I'm glad you were pleased with the LPG-fridges in East Timor. After the
crisis in 1999, we had to replace the destroyed kerosene-powered
(Indonesian) cold chain system. Advice received from this listserv was
extremely useful in coming to the conclusion for the change to LPG -- in
fact the remaining kerosene-powered fridges were all shifted to locations
with adequate electricity supply (most LPG and Kerosene fridges can switch
to an electricity powered heating element).
In India, I also share your belief that in locations with poor mains
electrical supply (under 12 hours/day), Kerosene/LPG/Solar might be
appropriate. Towards that, I recently compared estimates of one year
running costs of a 5kVA generator 12/hours/day to power an ice-lined
refrigerator / deep freezer to the estimated cost of purchase AND running
costs for an LPG refrigerator for 1 year. I found that the cost of an LPG
fridge (around $1000 - 1500) plus the running costs (around $200-300/year)
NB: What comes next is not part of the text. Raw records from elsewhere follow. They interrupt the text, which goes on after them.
Lemma ssubst_poly (F : expo -> k) N :
  (forall e : expo, (exists i, N.+1 <= e i)%N -> F e = 0) ->
  (ssubst F z : fps) =
  \sum_(e : {ffun 'I_n -> 'I_N.+1}) sconst (F (expo_of e)) * (smonom z (expo_of e) : fps).
Proof.
move=> hF; apply: funext => m; rewrite fps_coef_sum ssubstE.
under [RHS]eq_bigr do rewrite sconstME.
apply: box_sum_eq => e [i hi]; first by rewrite (smonom_coef_deg hi) mulr0.
by rewrite hF ?mul0r //; exists i.
Qed.

Definition in_kpow_ge d (g : fps) := exists F, ord_ge F d /\ g = ssubst F z.

Lemma in_kpow_ge0 d : in_kpow_ge d 0.
Proof. by exists (fun _ => 0); split; rewrite ?ssubst0. Qed.

Lemma in_kpow_geW a b f : (b <= a)%N -> in_kpow_ge a f -> in_kpow_ge b f.
Proof. by move=> ba [F [hF ->]]; exists F; split => // e he; apply: hF; apply: leq_trans he ba. Qed.

Lemma in_kpow_geD d f g : in_kpow_ge d f -> in_kpow_ge d g -> in_kpow_ge d (f + g).
Proof.
move=> [F [hF ->]] [G [hG ->]]; exists (fun e => F e + G e); split; last by rewrite ssubstD.
by move=> e he; rewrite hF ?hG ?addr0.
Qed.

Lemma in_kpow_geB d f g : in_kpow_ge d f -> in_kpow_ge d g -> in_kpow_ge d (f - g).
Proof.
move=> hf [G [hG ->]]; rewrite -ssubstN; apply: in_kpow_geD => //.
by exists (fun e => - G e); split => // e he; rewrite hG ?oppr0.
Qed.

Lemma in_kpow_geZ d c f : in_kpow_ge d f -> in_kpow_ge d (sconst c * f).
Proof.
move=> [F [hF ->]]; exists (fun e => c * F e); split; last by rewrite ssubstZ.
by move=> e he; rewrite hF ?mulr0.
Qed.

Lemma in_kpow_geM a b f g : in_kpow_ge a f -> in_kpow_ge b g -> in_kpow_ge (a + b) (f * g).
Proof.
move=> [F [hF ->]] [G [hG ->]]; exists (mmul F G); split; last by rewrite ssubstM.
exact: ord_geM.
Qed.

Lemma in_kpow_ge_sum d I (r : seq I) (P : pred I) (F : I -> fps) :
  (forall i, P i -> in_kpow_ge d (F i)) -> in_kpow_ge d (\sum_(i <- r | P i) F i).
Proof.
move=> h; elim/big_rec: _ => [|i x Pi hx]; first exact: in_kpow_ge0.
by apply: in_kpow_geD => //; apply: h.
Qed.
was significantly less than just the running cost of a generator
(~$2,500/year) -- based on India-subsidized diesel and LPG prices. Over
time, the gains would be even greater.
However in India and perhaps elsewhere, two other concerns figure prominently.
First, capacity. Ice production capacity in particular and even to a
certain extent vaccine storage capacity is much lower with a typical LPG
fridge. If a cold storage point was serving a population of just 20-30,000
this would not pose a major problem. But in fact in the places in India
where LPG might be considered (e.g. Bihar), the population catchment of
current cold storage equipment is over 100,000 and in principle weekly
immunization sessions would require 100-125 ice packs in a single go. That
is beyond the capacity of any WHO-approved LPG fridge/freezer combo (or
even two). Personally, I would be curious to know of experiences (and fuel
consumption) of LPG power chest freezers. Alternatively, as is currently
the case, ice production is out-sourced to private ice-making companies or
the number of cold storage points is increased... Unit costs for all types
of fridges and cost of spare parts is indicated in the WHO Product
Information Sheets for other types of comparisons.
The second concern is logistics. In India, LPG is widely available in
nearly all district headquarters making it a reasonable choice. However in
the roll-out of LPG fridges in East Timor, extremely remote areas reachable
only by horse-back / foot expressed strong preference for kerosene as
moving an LPG bottle by donkey was too difficult. Besides this, LPG is a
commodity that 'might' be more easily guarded against casual theft. For
example by purchasing LPG gas bottles with special markings, they are more
difficult to exchange with domestic use bottles.